Pero ahora que ya llegué a la proa y me posicionan de pie, dándole la espalda a la baranda que da hacia el lago, la tembladera y las ganas de vomitar que había sentido en los pasados segundos se disiparon y, en su lugar, me siento ligero, con el mayor pánico que he experimentado en mi corta vida, pero ligero.

Son un pánico y un nerviosismo que rayan en la emoción, la diversión, el regocijo. Es casi un éxtasis religioso inducido por el más puro y primitivo miedo. Llegué a mi punto de quiebre. Esa ligereza no se traslada a mis piernas, que están ahora adheridas al suelo como plomos inamovibles.
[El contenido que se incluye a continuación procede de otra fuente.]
(* Let $d=p$ be any prime with $p\equiv 3\pmod 4$, let $x_0=-2-\sqrt{d+1}$ (with $\sqrt{d+1}>0$), and let $\sqrt{x_0}$ be a purely imaginary square root of $x_0$. Then there exists $x_1\in\mathbb{C}$ with $|x_1|=1$ such that the vector $|\mathbf v\rangle\in\mathbb{C}^d$ with components $v_0=\sqrt{x_0}$, $v_j=x_1$ for $j$ a nonzero quadratic residue mod $d$, and $v_j=-1/x_1$ for $j$ a quadratic nonresidue mod $d$, satisfies $$\langle\mathbf v|X^{-2j}|\mathbf v\rangle=(\sqrt{d+1}+1)\,v_j^2\qquad\text{for all } j\not\equiv 0\pmod d,$$ where $X$ is the cyclic shift $X|r\rangle=|r+1\rangle$, so that $\langle\mathbf v|X^{-2j}|\mathbf v\rangle=\sum_{k=0}^{d-1}v_k^*v_{k+2j}$.
   Context: Indices are taken modulo $d$ and $^*$ denotes complex conjugation. Such a vector is called a Legendre vector; the displayed identity is called the $X$-overlap equation. *)

From HB Require Import structures.
From mathcomp Require Import all_boot all_order all_algebra.
From mathcomp Require Import reals.
From mathcomp Require Import complex.
Set Implicit Arguments. Unset Strict Implicit. Unset Printing Implicit Defensive.
Import Order.TTheory GRing.Theory Num.Theory.
Local Open Scope ring_scope.

Definition qres (p j : nat) : bool :=
  (j %% p != 0)%N && [exists x : 'I_p, (x * x == j %[mod p])%N].

Definition addmod (p : nat) (k : 'I_p) (m : nat) : 'I_p :=
  @Ordinal p ((k + m) %% p)%N (ltn_pmod _ (leq_ltn_trans (leq0n k) (ltn_ord k))).

Definition overlap (C : numClosedFieldType) (p : nat) (v : 'I_p -> C) (j : nat) : C :=
  \sum_(k < p) (v k)^* * v (addmod k (2 * j)).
La parte superior de mi cuerpo está manifestando mi miedo a la muerte y mi parte inferior la resignación ante lo inminente e inevitable.

El soldado de hace un rato se acerca para taparme la cabeza con una bolsa de tela. Quiero decirle que quiero morir viendo a mis verdugos y sintiendo el viento del lago, pero mi boca no se abre, así que cubre mi cabeza con la busaca. Empiezo a llorar un poco. Oquendito pregunta si tengo algunas últimas palabras, pero mi boca no se abre. Sólo puedo pensar: “Quiero a mi mamá”, y en este momento siento el impacto de una, dos, tres, cuatro, cinco balas, que me penetran con instantes de diferencia.

Siento una en el cuello, una en la pierna derecha, y las otras tres repartidas en el torso. Sigo en pie, siento los impactos pero no siento dolor alguno ni la sangre brotar, imagino que estoy en shock. Apenas me doy cuenta empiezo a recibir una segunda descarga: una, dos, tres, cuatro, cinco. Esta vez noto mi cuerpo moverse pero ni siquiera siento los impactos de las balas.

¿Sobreviví a dos descargas de un escuadrón de fusilamiento?, ¿me van a llevar al hospital a curarme?

Yo siento que sigo parado, parecen minutos, pero aparentemente ya había caído sobre mis rodillas y la parte superior de mi cuerpo se balanceó hacia atrás hace un rato. No entiendo qué está pasando, ¿sobreviví a dos descargas de un escuadrón de fusilamiento?, ¿me van a llevar al hospital a curarme?, ¿estoy muriéndome?, ¿ya estoy muerto?, ¿qué es esto?, ¿qué coño pasa? Que alguien me diga… abuelo.

Estoy empezando a dormirme, pero no quiero dormir, quiero fugarme de este barco y regresar a mi casa, pero el sueño es muy fuerte. Más que sueño, debilidad; siento como si hubiera corrido una larga distancia, siento que me estoy vaciando. ¿De verdad me voy a dormir cuando me estoy muriendo?, ¿o es que morir se siente como dormirse? Estoy confundido, pero seguro Rafita, el esclavito de la casa de al lado, puede salir a jugar conmigo si se lo pido a la señora. Aunque Rafita no es esclavo, es mi general. General, ¿vamos a invadir Nueva Granada cuando termine la guerra larga? ¿Guerra larga? No, yo sólo quiero irme a mi casa a verle las suaves tetas a Isabel.

¿Qué pasa? Yo no estoy pensando esto voluntariamente, estoy empezando a soñar, estoy medio dormido, medio despierto. No, estoy muriéndome. ¿De verdad esto es morirse?, ¿de verdad me estoy muriendo? No, no puede ser. Ayúdame, mami, por favor, te lo suplico. Y sólo con el cielo y los peces del lago como testigos, mi mente quedó en blanco y dejó de ser. El cuerpo sigue sintiendo, siente cómo lo envuelven en algo y lo meten en algo más. Y así, sin darse cuenta, ya no siente más… Es primero de diciembre a las nueve y quince de la noche del año 1866.